**Your goal**
Restate the records that follow. Every word must match.

**Source records**

Let Fst := Fprime_t (complete_rel s) x y a b.

Lemma Fprime_t_complete_avoid z w k w' k' : (z == x) || (z == y) ->
  w != z -> w' != z -> (w, k) != (w', k') -> Fst (w, k) (w', k').
Proof.
move=> zxy wz w'z neq_wk.
rewrite /Fst /Fprime_t /add_edge /blowup_clique /del_edge /complete_rel /=.
case: (eqVneq w w') => [eww | neq_ww'] /=.
  by subst w'; rewrite -!orbA; apply/orP; left; apply: contraNneq neq_wk => ->.
by case/orP: zxy => /eqP zE; subst z; rewrite ?(negbTE wz) ?(negbTE w'z) /= ?andbF.
Qed.

Lemma Fprime_t_clique_avoid z : (z == x) || (z == y) ->
  is_clique Fst (setX [set~ z] [set: 'I_t]).
Proof.
move=> zxy [w k] [w' k']; rewrite !in_setX !inE !andbT.
exact: Fprime_t_complete_avoid.
Qed.

Definition Fprime_t_core := (x, a) |: ((y, b) |: setX (~: [set x; y]) [set: 'I_t]).

Lemma Fprime_t_clique_core : is_clique Fst Fprime_t_core.
Proof.
have xx : (x == x) || (x == y) by rewrite eqxx.
have yy : (y == x) || (y == y) by rewrite eqxx orbT.
move=> [w k] [w' k']; rewrite !inE /= !andbT !negb_or.
case/or3P=> [/eqP[-> ->] | /eqP[-> ->] | /andP[wx wy]];
  case/or3P=> [/eqP[-> ->] | /eqP[-> ->] | /andP[w'x w'y]] neq; rewrite ?eqxx // in neq.
- exact: add_edge_new.
- by apply: (Fprime_t_complete_avoid yy).
- exact: add_edge_newC.
- by apply: (Fprime_t_complete_avoid xx); rewrite // eq_sym.
- by apply: (Fprime_t_complete_avoid yy).
- by apply: (Fprime_t_complete_avoid xx); rewrite // eq_sym.
- by apply: (Fprime_t_complete_avoid xx).
Qed.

**Your solution**
Let Fst := Fprime_t (complete_rel s) x y a b.

Lemma Fprime_t_complete_avoid z w k w' k' : (z == x) || (z == y) ->
  w != z -> w' != z -> (w, k) != (w', k') -> Fst (w, k) (w', k').
Proof.
move=> zxy wz w'z neq_wk.
rewrite /Fst /Fprime_t /add_edge /blowup_clique /del_edge /complete_rel /=.
case: (eqVneq w w') => [eww | neq_ww'] /=.
  by subst w'; rewrite -!orbA; apply/orP; left; apply: contraNneq neq_wk => ->.
by case/orP: zxy => /eqP zE; subst z; rewrite ?(negbTE wz) ?(negbTE w'z) /= ?andbF.
Qed.

Lemma Fprime_t_clique_avoid z : (z == x) || (z == y) ->
  is_clique Fst (setX [set~ z] [set: 'I_t]).
Proof.
move=> zxy [w k] [w' k']; rewrite !in_setX !inE !andbT.
exact: Fprime_t_complete_avoid.
Qed.

Definition Fprime_t_core := (x, a) |: ((y, b) |: setX (~: [set x; y]) [set: 'I_t]).

Lemma Fprime_t_clique_core : is_clique Fst Fprime_t_core.
Proof.
have xx : (x == x) || (x == y) by rewrite eqxx.
have yy : (y == x) || (y == y) by rewrite eqxx orbT.
move=> [w k] [w' k']; rewrite !inE /= !andbT !negb_or.
case/or3P=> [/eqP[-> ->] | /eqP[-> ->] | /andP[wx wy]];
  case/or3P=> [/eqP[-> ->] | /eqP[-> ->] | /andP[w'x w'y]] neq; rewrite ?eqxx // in neq.
- exact: add_edge_new.
- by apply: (Fprime_t_complete_avoid yy).
- exact: add_edge_newC.
- by apply: (Fprime_t_complete_avoid xx); rewrite // eq_sym.
- by apply: (Fprime_t_complete_avoid yy).
- by apply: (Fprime_t_complete_avoid xx); rewrite // eq_sym.
- by apply: (Fprime_t_complete_avoid xx).
Qed.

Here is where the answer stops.